■ Your objective
For the material below, return exactly the lines starting at the one holding "y; rewrite expr0." and ending at the one holding "apply: eq_lipschitz_at (fun", counting both as part of the range.

■ Working data
(* Let $\phi=\tilde p/p$ be an irreducible rational inner function on $\mathbb{D}^3$ of degree $(m,n,1)$, written with $p(z)=p_1(z_1,z_2)+z_3p_2(z_1,z_2)$ and $\tilde p(z)=z_3\tilde p_1(z_1,z_2)+\tilde p_2(z_1,z_2)$. Let $\zeta\in\mathbb{T}^3\cap\mathcal{Z}_{\tilde p}$. If the vertical line $\{(\zeta_1,\zeta_2)\}\times\mathbb{T}$ is not contained in $\mathcal{Z}_{\tilde p}$, then there is a neighborhood $U\subseteq\mathbb{C}^3$ of $\zeta$ such that \[\mathcal{Z}_{\tilde p}\cap U=\{(z_1,z_2,\psi^0(z_1,z_2)):(z_1,z_2)\in V\}\] for some open $V\subseteq\mathbb{C}^2$, where $\psi^0:=-\tilde p_2/\tilde p_1$ is analytic near $(\zeta_1,\zeta_2)$.
   Context: $\mathbb{D}^3$, $\mathbb{T}^3$: open unit tridisk and unit 3-torus. A rational inner function (RIF) is a rational function holomorphic on $\mathbb{D}^3$ with unimodular radial limits a.e. on $\mathbb{T}^3$; it is written $\phi=\tilde p/p$ with $p$ zero-free on $\mathbb{D}^3$, $p$ and $\tilde p$ without common factors, $\dim(\mathcal{Z}_p\cap\mathbb{T}^3)\le1$. Degree $(m,n,1)$ means maximal powers $m,n,1$ in $z_1,z_2,z_3$, and $\tilde p(z)=z_1^mz_2^nz_3\overline{p(1/\bar z_1,1/\bar z_2,1/\bar z_3)}$; then $\tilde p_j(z_1,z_2)=z_1^mz_2^n\overline{p_j(1/\bar z_1,1/\bar z_2)}$ for $j=1,2$, and $p_1,p_2$ (resp. $\tilde p_1,\tilde p_2$) share no common factors. $\mathcal{Z}_q$ denotes the zero set of a polynomial $q$. *)

From mathcomp Require Import all_boot all_order all_algebra.
From mathcomp Require Import reals.
From mathcomp Require Export complex.
From mathcomp Require Export mpoly.
Set Implicit Arguments. Unset Strict Implicit. Unset Printing Implicit Defensive.
Import GRing.Theory Num.Theory.
Local Open Scope ring_scope.
Local Open Scope complex_scope.

Definition pnt3 (R : realType) (a b c : R[i]) : 'I_3 -> R[i] :=
  fun i => if val i == 0%N then a else if val i == 1%N then b else c.
Definition pnt2 (R : realType) (a b : R[i]) : 'I_2 -> R[i] :=
  fun i => if val i == 0%N then a else b.

Definition degv (R : realType) (k : nat) (p : {mpoly R[i][k]}) (i : 'I_k) : nat :=
  (\max_(a <- msupp p) a i)%N.

Definition has_degree_mn1 (R : realType) (m n : nat) (p : {mpoly R[i][3]}) : Prop :=
  [/\ degv p (@Ordinal 3 0 isT) = m, degv p (@Ordinal 3 1 isT) = n
    & degv p (@Ordinal 3 2 isT) = 1%N].

(* reflection at degree (m,n,1):
   ptilde(z) = z1^m z2^n z3 * conj (p (1/conj z1, 1/conj z2, 1/conj z3)) *)
Definition refl_mn1 (R : realType) (m n : nat) (p : {mpoly R[i][3]}) : {mpoly R[i][3]} :=
  \sum_(a <- msupp p)
     ((p@_a)^* *: 'X_[[multinom (nth 0%N [:: m; n; 1%N] i - a i)%N | i < 3]]).

Definition mdivides (R : realType) (d p : {mpoly R[i][3]}) : Prop :=
  exists q, p = d * q.
Definition nonconstant (R : realType) (d : {mpoly R[i][3]}) : bool := (1 < msize d)%N.
Definition irreducible_mpoly (R : realType) (p : {mpoly R[i][3]}) : Prop :=
  nonconstant p /\
  forall a b : {mpoly R[i][3]}, p = a * b -> ~~ nonconstant a \/ ~~ nonconstant b.
Definition no_common_factor (R : realType) (p q : {mpoly R[i][3]}) : Prop :=
  forall d, mdivides d p -> mdivides d q -> ~~ nonconstant d.

Definition zero_free_D3 (R : realType) (p : {mpoly R[i][3]}) : Prop :=
  forall a b c : R[i], `|a| < 1 -> `|b| < 1 -> `|c| < 1 -> p.@[pnt3 a b c] != 0.

(* phi = ptilde/p is an irreducible rational inner function of degree (m,n,1),
   written in lowest terms *)
Definition irreducible_RIF_mn1 (R : realType) (m n : nat) (p : {mpoly R[i][3]}) : Prop :=
  [/\ has_degree_mn1 m n p, zero_free_D3 p,
      no_common_factor p (refl_mn1 m n p) & irreducible_mpoly p].

Definition open3 (R : realType) (U : R[i] -> R[i] -> R[i] -> Prop) : Prop :=
  forall a b c, U a b c -> exists r : R, 0 < r /\
    forall x y w : R[i], `|x - a| < r%:C -> `|y - b| < r%:C -> `|w - c| < r%:C -> U x y w.
Definition open2 (R : realType) (V : R[i] -> R[i] -> Prop) : Prop :=
  forall a b, V a b -> exists r : R, 0 < r /\
    forall x y : R[i], `|x - a| < r%:C -> `|y - b| < r%:C -> V x y.

(** Since [ptilde] has degree one in [z3], [ptilde = z3 pt1 + pt2], and on the
    set where [pt1 <> 0] the zero set of [ptilde] is exactly the graph of
    [- pt2 / pt1].  If [pt1] vanished at [(zeta1, zeta2)], then so would [pt2]
    (as [ptilde zeta = 0]), and the whole vertical line through [zeta] would
    lie in the zero set.  Hence [(zeta1, zeta2)] lies in the set where [pt1]
    does not vanish, which is open because polynomials are continuous; we take
    [U] and [V] to be this set. *)

From mathcomp Require Import all_boot all_order all_algebra.
From mathcomp Require Import reals complex mpoly.
Set Implicit Arguments. Unset Strict Implicit. Unset Printing Implicit Defensive.
Import Order.TTheory GRing.Theory Num.Theory.
Local Open Scope ring_scope.
Local Open Scope complex_scope.

Section LipschitzAt.
Variables (F : numFieldType) (k : nat) (x : 'I_k -> F).

Definition lipschitz_at (f : ('I_k -> F) -> F) : Prop :=
  exists2 K : F, 0 <= K & forall (y : 'I_k -> F) (d : F), 0 <= d -> d <= 1 ->
    (forall i, `|y i - x i| <= d) -> `|f y - f x| <= K * d.

Lemma eq_lipschitz_at f g : f =1 g -> lipschitz_at f -> lipschitz_at g.
Proof.
by move=> fg [K K0 Hf]; exists K => // y d d0 d1 yx; rewrite -!fg; apply: Hf.
Qed.

Lemma lipschitz_at_cst c : lipschitz_at (fun=> c).
Proof. by exists 0 => // y d _ _ _; rewrite subrr normr0 mul0r. Qed.

Lemma lipschitz_at_proj i : lipschitz_at (fun y => y i).
Proof. by exists 1 => // y d _ _ yx; rewrite mul1r. Qed.

Lemma lipschitz_atD f g :
  lipschitz_at f -> lipschitz_at g -> lipschitz_at (fun y => f y + g y).
Proof.
move=> [Kf Kf0 Hf] [Kg Kg0 Hg]; exists (Kf + Kg); first exact: addr_ge0.
move=> y d d0 d1 yx; rewrite opprD addrACA mulrDl.
by apply: le_trans (ler_normD _ _) _; apply: lerD; [apply: Hf | apply: Hg].
Qed.

Lemma lipschitz_atM f g :
  lipschitz_at f -> lipschitz_at g -> lipschitz_at (fun y => f y * g y).
Proof.
move=> [Kf Kf0 Hf] [Kg Kg0 Hg].
exists ((`|f x| + Kf) * Kg + `|g x| * Kf).
  by rewrite addr_ge0 ?mulr_ge0 ?addr_ge0.
move=> y d d0 d1 yx.
have fy_le : `|f y| <= `|f x| + Kf.
  rewrite -[f y](subrK (f x)) addrC; apply: le_trans (ler_normD _ _) _.
  rewrite lerD2l; apply: le_trans (Hf _ _ d0 d1 yx) _.
  by rewrite ler_piMr.
have -> : f y * g y - f x * g x = f y * (g y - g x) + (f y - f x) * g x.
  by rewrite mulrBr mulrBl addrA subrK.
rewrite [leRHS]mulrDl -!mulrA.
apply: le_trans (ler_normD _ _) _; rewrite !normrM; apply: lerD.
  by apply: ler_pM => //; apply: Hg.
by rewrite mulrC; apply: ler_wpM2l => //; apply: Hf.
Qed.

Lemma lipschitz_atX f n : lipschitz_at f -> lipschitz_at (fun y => f y ^+ n).
Proof.
move=> Hf; elim: n => [|n IH].
  by apply: eq_lipschitz_at (lipschitz_at_cst 1) => y; rewrite expr0.
by apply: eq_lipschitz_at (lipschitz_atM Hf IH) => y; rewrite exprS.
Qed.

Lemma lipschitz_at_sum (I : Type) (s : seq I) (G : I -> ('I_k -> F) -> F) :
  (forall j, lipschitz_at (G j)) -> lipschitz_at (fun y => \sum_(j <- s) G j y).
Proof.
move=> HG; elim: s => [|j s IH].
  by apply: eq_lipschitz_at (lipschitz_at_cst 0) => y; rewrite big_nil.
by apply: eq_lipschitz_at (lipschitz_atD (HG j) IH) => y; rewrite big_cons.
Qed.

Lemma lipschitz_at_prod (I : Type) (s : seq I) (G : I -> ('I_k -> F) -> F) :
  (forall j, lipschitz_at (G j)) -> lipschitz_at (fun y => \prod_(j <- s) G j y).
Proof.
move=> HG; elim: s => [|j s IH].
  by apply: eq_lipschitz_at (lipschitz_at_cst 1) => y; rewrite big_nil.
by apply: eq_lipschitz_at (lipschitz_atM (HG j) IH) => y; rewrite big_cons.
Qed.

Lemma lipschitz_at_meval (q : {mpoly F[k]}) : lipschitz_at (fun y => q.@[y]).
Proof.
apply: eq_lipschitz_at (fun y => esym (mevalE y q)) _.
apply: lipschitz_at_sum => a; apply: lipschitz_atM; first exact: lipschitz_at_cst.
by apply: lipschitz_at_prod => i; apply/lipschitz_atX/lipschitz_at_proj.
Qed.

Lemma meval_neq0_near (q : {mpoly F[k]}) : q.@[x] != 0 ->
  exists2 r : F, 0 < r & forall y, (forall i, `|y i - x i| < r) -> q.@[y] != 0.
Proof.
move=> qx_neq0; have [K K0 HK] := lipschitz_at_meval q.
pose a : F := `|q.@[x]|; have a_gt0 : 0 < a by rewrite normr_gt0.
pose s : F := a + K + 1; have s_gt0 : 0 < s by rewrite /s ltr_wpDl ?addr_ge0 // ltW.
have d_gt0 : 0 < a / s by exact: divr_gt0.
have d_le1 : a / s <= 1 by rewrite ler_pdivrMr // mul1r /s -addrA lerDl addr_ge0.
(* at radius [a / s] the Lipschitz bound [K a / s] is still below [a] *)
exists (a / s) => // y yx; apply/eqP => qy0.
have := HK y _ (ltW d_gt0) d_le1 (fun i => ltW (yx i)).
rewrite qy0 sub0r normrN -/a mulrCA lt_geF // gtr_pMr //.
by rewrite ltr_pdivrMr // mul1r /s addrAC ltrDr addr_gt0.
Qed.

End LipschitzAt.

Lemma affine_eq0 (F : fieldType) (u v c : F) :
  u != 0 -> c * u + v = 0 <-> c = - v / u.
Proof.
move=> u_neq0; split => [/eqP | ->]; last by rewrite mulfVK // addNr.
by rewrite addr_eq0 => /eqP <-; rewrite mulfK.
Qed.

Section ComplexPlane.
Variable R : realType.
Local Notation C := R[i].

Lemma complex_gt0_real (r : C) : 0 < r -> exists2 s : R, 0 < s & r = s%:C.
Proof.
move=> r_gt0; have /complex_realP [s r_def] := gtr0_real r_gt0.
by exists s; rewrite // -ltcR -r_def.
Qed.

Lemma open3_cylinder (V : C -> C -> Prop) : open2 V -> open3 (fun a b _ => V a b).
Proof.
move=> V_open a b c /V_open [r [r_gt0 Vr]]; exists r; split => // x y w xa yb _.
exact: Vr.
Qed.

Lemma open2_meval_neq0 (q : {mpoly C[2]}) : open2 (fun a b => q.@[pnt2 a b] != 0).
Proof.
move=> a b /meval_neq0_near [r' /complex_gt0_real [r r_gt0 ->] qr].
exists r; split => // x y xa yb; apply: qr => i.
by rewrite /pnt2; case: ifP.
Qed.

End ComplexPlane.

Theorem lemma3p1 (R : realType) (m n : nat) (p : {mpoly R[i][3]})
  (p1 p2 pt1 pt2 : {mpoly R[i][2]}) (zeta1 zeta2 zeta3 : R[i]) :
  irreducible_RIF_mn1 m n p ->
  (forall a b c : R[i], p.@[pnt3 a b c] = p1.@[pnt2 a b] + c * p2.@[pnt2 a b]) ->
  (forall a b c : R[i],
     (refl_mn1 m n p).@[pnt3 a b c] = c * pt1.@[pnt2 a b] + pt2.@[pnt2 a b]) ->
  `|zeta1| = 1 -> `|zeta2| = 1 -> `|zeta3| = 1 ->
  (refl_mn1 m n p).@[pnt3 zeta1 zeta2 zeta3] = 0 ->
  ~ (forall t : R[i], `|t| = 1 -> (refl_mn1 m n p).@[pnt3 zeta1 zeta2 t] = 0) ->
  exists (U : R[i] -> R[i] -> R[i] -> Prop) (V : R[i] -> R[i] -> Prop),
    [/\ open3 U, U zeta1 zeta2 zeta3, open2 V,
        (forall a b, V a b -> pt1.@[pnt2 a b] != 0) &
        forall a b c : R[i],
          ((refl_mn1 m n p).@[pnt3 a b c] = 0 /\ U a b c) <->
          (V a b /\ c = - pt2.@[pnt2 a b] / pt1.@[pnt2 a b])].
Proof.
move=> _ _ pt_affine _ _ _ pt_zeta no_vertical_line.
have pt1_zeta_neq0 : pt1.@[pnt2 zeta1 zeta2] != 0.
  apply/eqP => pt1_zeta0; apply: no_vertical_line => t _.
  rewrite pt_affine pt1_zeta0 mulr0 add0r in pt_zeta.
  by rewrite pt_affine pt1_zeta0 pt_zeta mulr0 addr0.
pose V a b := pt1.@[pnt2 a b] != 0.
exists (fun a b _ => V a b), V; split => //.
- exact/open3_cylinder/open2_meval_neq0.
- exact: open2_meval_neq0.
move=> a b c; rewrite pt_affine.
by split=> [[/affine_eq0 Hc Vab] | [Vab /affine_eq0 Hc]]; split=> //; apply: Hc.
Qed.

■ Problem solution
  by apply: eq_lipschitz_at (lipschitz_at_cst 1) => y; rewrite expr0.
by apply: eq_lipschitz_at (lipschitz_atM Hf IH) => y; rewrite exprS.
Qed.

Lemma lipschitz_at_sum (I : Type) (s : seq I) (G : I -> ('I_k -> F) -> F) :
  (forall j, lipschitz_at (G j)) -> lipschitz_at (fun y => \sum_(j <- s) G j y).
Proof.
move=> HG; elim: s => [|j s IH].
  by apply: eq_lipschitz_at (lipschitz_at_cst 0) => y; rewrite big_nil.
by apply: eq_lipschitz_at (lipschitz_atD (HG j) IH) => y; rewrite big_cons.
Qed.

Lemma lipschitz_at_prod (I : Type) (s : seq I) (G : I -> ('I_k -> F) -> F) :
  (forall j, lipschitz_at (G j)) -> lipschitz_at (fun y => \prod_(j <- s) G j y).
Proof.
move=> HG; elim: s => [|j s IH].
  by apply: eq_lipschitz_at (lipschitz_at_cst 1) => y; rewrite big_nil.
by apply: eq_lipschitz_at (lipschitz_atM (HG j) IH) => y; rewrite big_cons.
Qed.

Lemma lipschitz_at_meval (q : {mpoly F[k]}) : lipschitz_at (fun y => q.@[y]).
Proof.
apply: eq_lipschitz_at (fun y => esym (mevalE y q)) _.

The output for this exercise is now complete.